## WHAT THE EXERCISE ASKS:
Look through the material below and copy every line containing the word "intros".

◇ ◇ ◇ ◇ ◇

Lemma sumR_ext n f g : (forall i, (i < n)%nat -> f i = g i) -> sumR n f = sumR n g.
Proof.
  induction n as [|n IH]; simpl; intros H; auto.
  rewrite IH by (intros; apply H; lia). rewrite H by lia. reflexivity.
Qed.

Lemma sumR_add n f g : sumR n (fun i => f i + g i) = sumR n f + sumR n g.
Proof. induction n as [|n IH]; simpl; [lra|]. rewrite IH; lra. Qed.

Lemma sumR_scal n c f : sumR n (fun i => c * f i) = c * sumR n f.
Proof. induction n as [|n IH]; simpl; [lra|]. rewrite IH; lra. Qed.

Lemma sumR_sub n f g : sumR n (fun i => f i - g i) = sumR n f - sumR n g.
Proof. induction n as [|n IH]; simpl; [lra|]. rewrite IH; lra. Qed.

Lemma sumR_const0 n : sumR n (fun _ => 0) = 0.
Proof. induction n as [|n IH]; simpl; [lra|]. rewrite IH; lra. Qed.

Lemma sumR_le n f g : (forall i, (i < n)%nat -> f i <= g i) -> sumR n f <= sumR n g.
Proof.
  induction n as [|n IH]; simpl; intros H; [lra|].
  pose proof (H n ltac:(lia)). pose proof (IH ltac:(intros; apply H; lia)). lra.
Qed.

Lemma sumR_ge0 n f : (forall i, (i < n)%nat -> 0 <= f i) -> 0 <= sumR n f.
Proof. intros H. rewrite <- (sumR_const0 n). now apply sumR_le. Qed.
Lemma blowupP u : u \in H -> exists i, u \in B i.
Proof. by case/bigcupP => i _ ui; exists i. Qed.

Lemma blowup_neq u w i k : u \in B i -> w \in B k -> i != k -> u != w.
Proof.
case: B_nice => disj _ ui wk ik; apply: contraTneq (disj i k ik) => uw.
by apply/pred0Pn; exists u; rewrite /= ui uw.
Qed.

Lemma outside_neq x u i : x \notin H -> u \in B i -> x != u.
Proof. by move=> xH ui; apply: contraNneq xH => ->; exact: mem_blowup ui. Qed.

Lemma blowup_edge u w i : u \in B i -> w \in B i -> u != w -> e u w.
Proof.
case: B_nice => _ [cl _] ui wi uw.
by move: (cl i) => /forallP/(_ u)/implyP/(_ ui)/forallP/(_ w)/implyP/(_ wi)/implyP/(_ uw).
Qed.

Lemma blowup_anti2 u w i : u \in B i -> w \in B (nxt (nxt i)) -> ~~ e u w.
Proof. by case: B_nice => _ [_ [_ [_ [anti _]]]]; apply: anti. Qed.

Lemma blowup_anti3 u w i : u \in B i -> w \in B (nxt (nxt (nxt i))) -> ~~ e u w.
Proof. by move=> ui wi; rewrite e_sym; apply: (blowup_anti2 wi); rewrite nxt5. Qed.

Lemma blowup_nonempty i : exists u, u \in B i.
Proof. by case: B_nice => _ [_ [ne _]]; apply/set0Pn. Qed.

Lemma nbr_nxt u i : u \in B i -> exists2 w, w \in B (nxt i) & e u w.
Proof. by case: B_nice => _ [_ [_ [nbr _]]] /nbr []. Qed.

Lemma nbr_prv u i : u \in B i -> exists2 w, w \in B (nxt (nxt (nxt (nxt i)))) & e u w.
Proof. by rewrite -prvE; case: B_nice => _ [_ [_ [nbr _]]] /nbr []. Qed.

◇ ◇ ◇ ◇ ◇

## OUTPUT FOR THIS EXERCISE:
  induction n as [|n IH]; simpl; intros H; auto.
  rewrite IH by (intros; apply H; lia). rewrite H by lia. reflexivity.
  induction n as [|n IH]; simpl; intros H; [lra|].
  pose proof (H n ltac:(lia)). pose proof (IH ltac:(intros; apply H; lia)). lra.
Proof. intros H. rewrite <- (sumR_const0 n). now apply sumR_le. Qed.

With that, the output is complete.